Lemma S2_orthogonal_exists A : S2 A -> exists e, S2 e /\ dot e A = 0.
Proof.
  destruct A as [[a1 a2] a3]; unfold S2; unfold_quat; intro h.
  destruct (Req_dec (a2^2+a3^2) 0) as [z|nz].
  - exists (0,1,0). unfold_quat. assert (a2 = 0) by nra. subst. split; ring.
  - assert (0 < a2^2+a3^2) by (assert (0 <= a2^2) by apply pow2_ge_0; assert (0 <= a3^2) by apply pow2_ge_0; lra).
    set (n := sqrt (a2^2+a3^2)).
    assert (n2 : n*n = a2^2+a3^2) by (apply sqrt_sqrt; lra).
    assert (np : 0 < n) by (apply sqrt_lt_R0; lra).
    exists (0, -a3/n, a2/n). unfold_quat. split.
    + transitivity ((a2^2+a3^2)/(n*n)); [field; lra|]. rewrite n2. field. lra.
    + field. lra.
Qed.

Lemma piX_surj A z : S2 A -> S2 z -> exists p, S3 p /\ piX A p = z.
Proof.
  intros hA hz. pose proof (dot_S2_bounds A z hA hz) as [cs1 cs2].
  destruct (Rle_lt_or_eq_dec _ _ cs1) as [lt|eq].
  - set (t := 1 + dot A z).
    assert (tp : 0 < t) by (unfold t; lra).
    set (l := / sqrt (2*t)).
    assert (l2 : l^2 = / (2*t)).
    { unfold l. rewrite pow_inv. f_equal. simpl. rewrite Rmult_1_r. apply sqrt_sqrt. lra. }
    exists (qscale l (hopf_preimage A z)). unfold S2 in *. split.
    + apply S3_iff_qnorm2. rewrite qnorm2_qscale, l2, qnorm2_hopf_preimage, hA, hz. unfold t in *. field. lra.
    + rewrite piX_qscale, l2, piX_hopf_preimage, hA, hz. unfold t in *.
      replace (1 - 1*1) with 0 by ring. rewrite vadd_vscale0, vscale_vscale.
      replace (/ (2*(1+dot A z)) * (2*1*(1+dot A z))) with 1 by (field; lra). apply vscale1.
  - destruct (S2_orthogonal_exists A hA) as [e [he eA]].
    exists (im_to_H e). split.
    + destruct e as [[e1 e2] e3]; unfold S2 in he; unfold_quat; unfold S3. lra.
    + rewrite piX_im_to_H, eA, he.
      assert (zA : z = vopp A).
      { destruct A as [[a1 a2] a3]; destruct z as [[z1 z2] z3]; unfold S2 in *; unfold_quat.
        assert (q : (z1+a1)^2+(z2+a2)^2+(z3+a3)^2 = 0) by nra.
        assert (0 <= (z1+a1)^2) by apply pow2_ge_0.
        assert (0 <= (z2+a2)^2) by apply pow2_ge_0.
        assert (0 <= (z3+a3)^2) by apply pow2_ge_0.
        assert ((z1+a1)^2 = 0) by lra. assert ((z2+a2)^2 = 0) by lra. assert ((z3+a3)^2 = 0) by lra.
        split_coords; nra. }
      rewrite zA. destruct_coords; unfold_quat; split_coords; ring.
Qed.

Definition vk : R3 := (0,0,1).
Definition qk : R4 := (0,0,0,1).
Lemma S2_vk : S2 vk.
Proof. unfold S2, vk, dot; simpl; ring. Qed.
Definition rotz (cs : R2) (z : R3) : R3 :=
  let '(c,s) := cs in let '(z1,z2,z3) := z in (c*z1 - s*z2, s*z1 + c*z2, z3).

(* [rot_lift A p0 (cos t, sin t) = exp (t A / 2) p0 exp (- t k / 2)], written without
   half angles so that it is polynomial in [(cos t, sin t)]. *)
Definition rot_lift (A : R3) (p0 : R4) (cs : R2) : R4 :=
  let '(c,s) := cs in
  let Ap := qmul (im_to_H A) p0 in
  qadd (qadd (qscale ((1+c)/2) p0) (qscale ((c-1)/2) (qmul Ap qk)))
       (qscale (s/2) (qadd Ap (qscale (-1) (qmul p0 qk)))).

Lemma circle_half_angle c s : c^2+s^2 = 1 -> exists h g, h^2+g^2 = 1 /\ c = h^2-g^2 /\ s = 2*h*g.
Proof.
  intro H. destruct (Req_dec c (-1)) as [e|ne].
  - exists 0, 1. subst. assert (s = 0) by nra. subst. repeat split; ring.
  - assert (cp : -1 < c) by (assert (c^2 <= 1) by (assert (0 <= s^2) by apply pow2_ge_0; lra); nra).
    set (h := sqrt ((1+c)/2)).
    assert (h2 : h*h = (1+c)/2) by (apply sqrt_sqrt; lra).
    assert (hp : 0 < h) by (apply sqrt_lt_R0; lra).
    exists h, (s/(2*h)). 
    assert (e1 : (s/(2*h))^2 = (1-c)/2).
    { transitivity (s^2/(4*(h*h))); [field; lra|]. rewrite h2. replace (s^2) with (1-c^2) by lra. field. lra. }
    repeat split.
    + rewrite e1. replace (h^2) with (h*h) by ring. rewrite h2. field.
    + rewrite e1. replace (h^2) with (h*h) by ring. rewrite h2. field.
    + field. lra.
Qed.

Lemma rot_lift_eq A p0 h g : h^2+g^2 = 1 ->
  rot_lift A p0 (h^2-g^2, 2*h*g) = qmul (qmul (qexp A (h,g)) p0) (h,0,0,-g).
Proof. intro H. unfold rot_lift. rewrite <- H. destruct_coords; unfold qexp, qadd, qscale, qk; unfold_quat. split_coords; field. Qed.

Lemma piX_rotz_quat z h g : piX z (h,0,0,-g) = let '(z1,z2,z3) := z in
  ((h^2-g^2)*z1 - 2*h*g*z2, 2*h*g*z1 + (h^2-g^2)*z2, (h^2+g^2)*z3).
Proof. destruct_coords; unfold_quat; split_coords; ring. Qed.

Lemma rot_lift_spec A p0 cs : S2 A -> S3 p0 -> circle cs ->
  S3 (rot_lift A p0 cs) /\ piX A (rot_lift A p0 cs) = rotz cs (piX A p0).
Proof.
  intros hA hp hcs. destruct cs as [c s]. unfold circle in hcs.
  destruct (circle_half_angle c s hcs) as [h [g [hg [ec es]]]]. subst c s.
  rewrite rot_lift_eq by auto. split.
  - apply S3_iff_qnorm2. rewrite !qnorm2_mul, qnorm2_qexp. unfold S2 in hA. rewrite hA. apply S3_iff_qnorm2 in hp. rewrite hp.
    unfold qnorm2. replace (h^2+0^2+0^2+(-g)^2) with (h^2+g^2) by ring. rewrite hg. nra.
  - rewrite !piX_mul, piX_qexp. unfold S2 in hA. rewrite hA. replace (h^2+g^2*1) with 1 by lra.
    rewrite vscale1, piX_rotz_quat. destruct (piX A p0) as [[z1 z2] z3]. unfold rotz. rewrite hg. split_coords; ring.
Qed.

(** * Continuity on subspaces *)

Definition nonnegd {X} (d : X -> X -> R) := forall a b, 0 <= d a b.
Lemma nonneg_edR : nonnegd edR.
Proof. intros a b; apply Rabs_pos. Qed.
Lemma nonneg_dprod {X Y} (dX : X -> X -> R) (dY : Y -> Y -> R) : nonnegd (dprod dX dY).
Proof. intros a b; apply sqrt_pos. Qed.

Lemma dprod_fst_le {X Y} (dX : X -> X -> R) (dY : Y -> Y -> R) p q : dX (fst p) (fst q) <= dprod dX dY p q.
Proof.
  unfold dprod. apply Rle_trans with (Rabs (dX (fst p) (fst q))); [apply Rle_abs|].
  rewrite <- (sqrt_pow2 (Rabs _)) by apply Rabs_pos. rewrite pow2_abs.
  apply sqrt_le_1_alt. assert (0 <= dY (snd p) (snd q) ^2) by apply pow2_ge_0. lra.
Qed.
Lemma dprod_snd_le {X Y} (dX : X -> X -> R) (dY : Y -> Y -> R) p q : dY (snd p) (snd q) <= dprod dX dY p q.
Proof.
  unfold dprod. apply Rle_trans with (Rabs (dY (snd p) (snd q))); [apply Rle_abs|].
  rewrite <- (sqrt_pow2 (Rabs _)) by apply Rabs_pos. rewrite pow2_abs.
  apply sqrt_le_1_alt. assert (0 <= dX (fst p) (fst q) ^2) by apply pow2_ge_0. lra.
Qed.
Lemma dprod_small {X Y} (dX : X -> X -> R) (dY : Y -> Y -> R) p q e : nonnegd dX -> nonnegd dY -> 0 < e ->
  dX (fst p) (fst q) < e/2 -> dY (snd p) (snd q) < e/2 -> dprod dX dY p q < e.
Proof.
  intros nX nY he h1 h2. unfold dprod. rewrite <- (sqrt_pow2 e) by lra.
  apply sqrt_lt_1_alt. pose proof (nX (fst p) (fst q)). pose proof (nY (snd p) (snd q)). split; nra.
Qed.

- WHAT TO DO: Here the output must be the lines above from the line with "exists (0, -a3/n, a2/n)." to the line with "assert (zA : z = vopp A).", both included, duplicated word for word and nothing else.

- RESULT OF THE TASK:
    exists (0, -a3/n, a2/n). unfold_quat. split.
    + transitivity ((a2^2+a3^2)/(n*n)); [field; lra|]. rewrite n2. field. lra.
    + field. lra.
Qed.

Lemma piX_surj A z : S2 A -> S2 z -> exists p, S3 p /\ piX A p = z.
Proof.
  intros hA hz. pose proof (dot_S2_bounds A z hA hz) as [cs1 cs2].
  destruct (Rle_lt_or_eq_dec _ _ cs1) as [lt|eq].
  - set (t := 1 + dot A z).
    assert (tp : 0 < t) by (unfold t; lra).
    set (l := / sqrt (2*t)).
    assert (l2 : l^2 = / (2*t)).
    { unfold l. rewrite pow_inv. f_equal. simpl. rewrite Rmult_1_r. apply sqrt_sqrt. lra. }
    exists (qscale l (hopf_preimage A z)). unfold S2 in *. split.
    + apply S3_iff_qnorm2. rewrite qnorm2_qscale, l2, qnorm2_hopf_preimage, hA, hz. unfold t in *. field. lra.
    + rewrite piX_qscale, l2, piX_hopf_preimage, hA, hz. unfold t in *.
      replace (1 - 1*1) with 0 by ring. rewrite vadd_vscale0, vscale_vscale.
      replace (/ (2*(1+dot A z)) * (2*1*(1+dot A z))) with 1 by (field; lra). apply vscale1.
  - destruct (S2_orthogonal_exists A hA) as [e [he eA]].
    exists (im_to_H e). split.
    + destruct e as [[e1 e2] e3]; unfold S2 in he; unfold_quat; unfold S3. lra.
    + rewrite piX_im_to_H, eA, he.
      assert (zA : z = vopp A).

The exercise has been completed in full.